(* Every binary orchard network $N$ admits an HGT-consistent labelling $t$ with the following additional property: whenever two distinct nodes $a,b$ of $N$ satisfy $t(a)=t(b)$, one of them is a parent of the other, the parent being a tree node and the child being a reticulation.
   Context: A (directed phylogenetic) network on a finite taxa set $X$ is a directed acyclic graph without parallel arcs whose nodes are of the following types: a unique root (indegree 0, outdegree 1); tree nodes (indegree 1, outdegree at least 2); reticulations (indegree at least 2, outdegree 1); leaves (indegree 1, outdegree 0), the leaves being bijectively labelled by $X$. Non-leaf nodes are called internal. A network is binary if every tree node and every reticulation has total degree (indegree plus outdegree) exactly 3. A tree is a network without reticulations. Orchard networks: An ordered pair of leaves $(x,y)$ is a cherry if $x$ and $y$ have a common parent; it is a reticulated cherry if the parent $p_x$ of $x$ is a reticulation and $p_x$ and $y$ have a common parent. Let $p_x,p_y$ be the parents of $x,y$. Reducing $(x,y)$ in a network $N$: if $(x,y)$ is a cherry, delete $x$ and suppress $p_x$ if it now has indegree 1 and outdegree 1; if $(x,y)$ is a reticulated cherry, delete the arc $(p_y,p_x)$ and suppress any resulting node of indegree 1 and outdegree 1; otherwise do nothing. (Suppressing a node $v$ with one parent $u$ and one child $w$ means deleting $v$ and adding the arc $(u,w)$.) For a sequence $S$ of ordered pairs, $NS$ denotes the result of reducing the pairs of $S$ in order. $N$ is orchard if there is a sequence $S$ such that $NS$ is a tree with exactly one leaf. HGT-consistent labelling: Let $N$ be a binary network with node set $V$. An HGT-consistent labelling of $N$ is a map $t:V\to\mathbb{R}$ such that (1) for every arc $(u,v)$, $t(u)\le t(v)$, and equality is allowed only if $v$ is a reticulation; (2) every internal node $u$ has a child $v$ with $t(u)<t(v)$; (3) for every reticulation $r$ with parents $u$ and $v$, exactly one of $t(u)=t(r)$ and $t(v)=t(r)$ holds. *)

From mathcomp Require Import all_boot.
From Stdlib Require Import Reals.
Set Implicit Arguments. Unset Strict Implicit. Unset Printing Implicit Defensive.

--------------------------------------------------

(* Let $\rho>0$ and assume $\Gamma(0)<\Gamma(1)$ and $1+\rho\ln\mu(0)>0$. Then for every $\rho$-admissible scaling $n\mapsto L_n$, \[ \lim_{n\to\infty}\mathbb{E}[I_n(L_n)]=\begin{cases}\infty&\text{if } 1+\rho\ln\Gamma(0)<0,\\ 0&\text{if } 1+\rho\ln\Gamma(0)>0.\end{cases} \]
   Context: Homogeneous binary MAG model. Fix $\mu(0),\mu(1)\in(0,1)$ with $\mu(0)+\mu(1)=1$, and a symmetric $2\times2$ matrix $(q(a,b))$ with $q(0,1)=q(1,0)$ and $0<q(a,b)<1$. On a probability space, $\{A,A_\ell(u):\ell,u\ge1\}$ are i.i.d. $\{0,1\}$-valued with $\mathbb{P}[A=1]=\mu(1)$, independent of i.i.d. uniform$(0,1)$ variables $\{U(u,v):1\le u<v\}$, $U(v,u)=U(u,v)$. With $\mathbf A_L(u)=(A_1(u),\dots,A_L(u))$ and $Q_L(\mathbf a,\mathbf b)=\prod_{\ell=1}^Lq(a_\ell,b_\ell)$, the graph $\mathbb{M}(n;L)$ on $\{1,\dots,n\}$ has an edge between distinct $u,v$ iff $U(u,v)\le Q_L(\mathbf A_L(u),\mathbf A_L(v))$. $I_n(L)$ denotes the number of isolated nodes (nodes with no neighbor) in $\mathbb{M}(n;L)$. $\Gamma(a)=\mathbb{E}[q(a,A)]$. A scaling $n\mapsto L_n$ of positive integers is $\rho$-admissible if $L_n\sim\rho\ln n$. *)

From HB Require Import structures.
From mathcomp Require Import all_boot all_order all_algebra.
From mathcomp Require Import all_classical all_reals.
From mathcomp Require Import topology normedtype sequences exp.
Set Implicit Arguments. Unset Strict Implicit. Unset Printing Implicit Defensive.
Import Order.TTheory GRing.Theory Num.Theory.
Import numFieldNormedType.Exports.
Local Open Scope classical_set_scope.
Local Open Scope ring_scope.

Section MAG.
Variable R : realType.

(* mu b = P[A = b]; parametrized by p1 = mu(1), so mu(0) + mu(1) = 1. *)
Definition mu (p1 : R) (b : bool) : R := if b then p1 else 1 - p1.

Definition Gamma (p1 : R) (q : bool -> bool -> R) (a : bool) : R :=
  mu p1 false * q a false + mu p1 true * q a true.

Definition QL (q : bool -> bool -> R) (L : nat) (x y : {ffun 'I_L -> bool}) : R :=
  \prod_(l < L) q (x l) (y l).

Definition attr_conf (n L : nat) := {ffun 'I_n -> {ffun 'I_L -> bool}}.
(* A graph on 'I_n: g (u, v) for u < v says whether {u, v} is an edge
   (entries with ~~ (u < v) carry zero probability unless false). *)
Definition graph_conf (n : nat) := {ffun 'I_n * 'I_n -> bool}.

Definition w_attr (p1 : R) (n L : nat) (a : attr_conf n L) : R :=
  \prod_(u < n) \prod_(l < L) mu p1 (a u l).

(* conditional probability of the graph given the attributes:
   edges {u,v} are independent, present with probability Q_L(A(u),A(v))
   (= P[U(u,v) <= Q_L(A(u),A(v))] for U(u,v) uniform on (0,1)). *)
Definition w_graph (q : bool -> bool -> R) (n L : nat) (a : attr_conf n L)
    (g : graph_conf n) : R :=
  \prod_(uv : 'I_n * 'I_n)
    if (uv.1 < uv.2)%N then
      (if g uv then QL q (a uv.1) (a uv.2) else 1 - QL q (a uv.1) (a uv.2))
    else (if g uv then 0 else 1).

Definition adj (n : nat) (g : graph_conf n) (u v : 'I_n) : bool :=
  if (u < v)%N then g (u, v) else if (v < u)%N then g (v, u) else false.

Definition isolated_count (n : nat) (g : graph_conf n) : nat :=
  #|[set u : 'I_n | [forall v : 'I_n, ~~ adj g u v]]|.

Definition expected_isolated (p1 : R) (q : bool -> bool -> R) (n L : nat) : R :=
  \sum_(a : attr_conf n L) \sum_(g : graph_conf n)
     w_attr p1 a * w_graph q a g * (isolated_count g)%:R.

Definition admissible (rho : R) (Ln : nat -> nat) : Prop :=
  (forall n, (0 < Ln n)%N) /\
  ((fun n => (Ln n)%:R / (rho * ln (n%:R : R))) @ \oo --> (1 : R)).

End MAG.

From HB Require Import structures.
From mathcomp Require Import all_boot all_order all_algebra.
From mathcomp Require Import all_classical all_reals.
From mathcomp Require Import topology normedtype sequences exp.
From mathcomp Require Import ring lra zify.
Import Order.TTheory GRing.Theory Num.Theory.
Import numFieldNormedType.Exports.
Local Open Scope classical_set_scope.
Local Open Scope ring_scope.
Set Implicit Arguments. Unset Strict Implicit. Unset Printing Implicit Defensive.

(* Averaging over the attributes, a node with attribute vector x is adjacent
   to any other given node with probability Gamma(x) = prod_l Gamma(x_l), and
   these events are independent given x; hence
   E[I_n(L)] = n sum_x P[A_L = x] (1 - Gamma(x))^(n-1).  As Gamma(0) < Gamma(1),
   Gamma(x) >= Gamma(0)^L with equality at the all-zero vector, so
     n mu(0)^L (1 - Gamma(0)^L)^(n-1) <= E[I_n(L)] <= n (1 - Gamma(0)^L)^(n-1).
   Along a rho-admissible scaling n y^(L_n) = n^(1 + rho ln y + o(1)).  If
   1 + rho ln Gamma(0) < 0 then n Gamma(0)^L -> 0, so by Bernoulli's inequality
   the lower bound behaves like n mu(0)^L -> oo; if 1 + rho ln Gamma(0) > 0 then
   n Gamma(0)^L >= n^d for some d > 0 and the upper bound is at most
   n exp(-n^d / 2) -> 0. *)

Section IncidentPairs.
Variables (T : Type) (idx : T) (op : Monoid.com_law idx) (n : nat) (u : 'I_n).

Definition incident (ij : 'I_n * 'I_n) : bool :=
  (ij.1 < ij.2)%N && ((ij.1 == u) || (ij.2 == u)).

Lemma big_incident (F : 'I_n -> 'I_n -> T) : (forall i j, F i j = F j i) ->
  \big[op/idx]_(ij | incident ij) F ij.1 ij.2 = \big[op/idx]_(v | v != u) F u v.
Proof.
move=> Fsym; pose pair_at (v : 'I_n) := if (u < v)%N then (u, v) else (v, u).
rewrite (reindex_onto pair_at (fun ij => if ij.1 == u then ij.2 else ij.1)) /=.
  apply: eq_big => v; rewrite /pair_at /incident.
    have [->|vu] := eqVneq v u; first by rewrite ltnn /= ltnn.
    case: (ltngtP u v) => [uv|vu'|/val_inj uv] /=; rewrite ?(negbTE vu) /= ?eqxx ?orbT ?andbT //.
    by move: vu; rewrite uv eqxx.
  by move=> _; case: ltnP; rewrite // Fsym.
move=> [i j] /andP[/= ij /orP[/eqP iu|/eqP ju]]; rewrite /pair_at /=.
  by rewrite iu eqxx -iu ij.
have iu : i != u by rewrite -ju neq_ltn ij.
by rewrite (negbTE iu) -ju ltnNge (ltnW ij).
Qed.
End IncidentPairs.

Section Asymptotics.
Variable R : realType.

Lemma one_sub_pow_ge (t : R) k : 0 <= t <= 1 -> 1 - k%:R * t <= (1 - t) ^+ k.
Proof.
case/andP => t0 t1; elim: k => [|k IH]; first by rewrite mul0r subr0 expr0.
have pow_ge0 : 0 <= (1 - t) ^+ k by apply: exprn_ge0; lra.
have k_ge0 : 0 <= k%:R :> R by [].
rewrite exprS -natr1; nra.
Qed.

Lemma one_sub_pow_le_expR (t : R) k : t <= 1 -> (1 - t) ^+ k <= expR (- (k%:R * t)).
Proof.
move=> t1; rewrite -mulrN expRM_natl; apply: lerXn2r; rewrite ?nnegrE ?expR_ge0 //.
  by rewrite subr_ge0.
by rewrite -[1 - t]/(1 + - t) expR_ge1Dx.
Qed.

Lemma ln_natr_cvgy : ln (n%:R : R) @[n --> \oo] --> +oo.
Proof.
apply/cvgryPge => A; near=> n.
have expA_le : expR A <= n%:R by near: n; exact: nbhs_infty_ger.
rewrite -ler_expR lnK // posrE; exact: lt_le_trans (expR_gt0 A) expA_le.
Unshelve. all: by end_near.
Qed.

--------------------------------------------------

■ WHAT YOU HAVE TO DO ■
Taking the entries above, write out exactly the lines starting with the line containing "(= P[U(u,v) <= Q_L(A(u),A(v))]" and going on through the line containing "n exp(-n^d / 2) -> 0. *)", both included, and nothing else.

■ SOLUTION TO THIS TASK ■
   (= P[U(u,v) <= Q_L(A(u),A(v))] for U(u,v) uniform on (0,1)). *)
Definition w_graph (q : bool -> bool -> R) (n L : nat) (a : attr_conf n L)
    (g : graph_conf n) : R :=
  \prod_(uv : 'I_n * 'I_n)
    if (uv.1 < uv.2)%N then
      (if g uv then QL q (a uv.1) (a uv.2) else 1 - QL q (a uv.1) (a uv.2))
    else (if g uv then 0 else 1).

Definition adj (n : nat) (g : graph_conf n) (u v : 'I_n) : bool :=
  if (u < v)%N then g (u, v) else if (v < u)%N then g (v, u) else false.

Definition isolated_count (n : nat) (g : graph_conf n) : nat :=
  #|[set u : 'I_n | [forall v : 'I_n, ~~ adj g u v]]|.

Definition expected_isolated (p1 : R) (q : bool -> bool -> R) (n L : nat) : R :=
  \sum_(a : attr_conf n L) \sum_(g : graph_conf n)
     w_attr p1 a * w_graph q a g * (isolated_count g)%:R.

Definition admissible (rho : R) (Ln : nat -> nat) : Prop :=
  (forall n, (0 < Ln n)%N) /\
  ((fun n => (Ln n)%:R / (rho * ln (n%:R : R))) @ \oo --> (1 : R)).

End MAG.

From HB Require Import structures.
From mathcomp Require Import all_boot all_order all_algebra.
From mathcomp Require Import all_classical all_reals.
From mathcomp Require Import topology normedtype sequences exp.
From mathcomp Require Import ring lra zify.
Import Order.TTheory GRing.Theory Num.Theory.
Import numFieldNormedType.Exports.
Local Open Scope classical_set_scope.
Local Open Scope ring_scope.
Set Implicit Arguments. Unset Strict Implicit. Unset Printing Implicit Defensive.

(* Averaging over the attributes, a node with attribute vector x is adjacent
   to any other given node with probability Gamma(x) = prod_l Gamma(x_l), and
   these events are independent given x; hence
   E[I_n(L)] = n sum_x P[A_L = x] (1 - Gamma(x))^(n-1).  As Gamma(0) < Gamma(1),
   Gamma(x) >= Gamma(0)^L with equality at the all-zero vector, so
     n mu(0)^L (1 - Gamma(0)^L)^(n-1) <= E[I_n(L)] <= n (1 - Gamma(0)^L)^(n-1).
   Along a rho-admissible scaling n y^(L_n) = n^(1 + rho ln y + o(1)).  If
   1 + rho ln Gamma(0) < 0 then n Gamma(0)^L -> 0, so by Bernoulli's inequality
   the lower bound behaves like n mu(0)^L -> oo; if 1 + rho ln Gamma(0) > 0 then
   n Gamma(0)^L >= n^d for some d > 0 and the upper bound is at most
   n exp(-n^d / 2) -> 0. *)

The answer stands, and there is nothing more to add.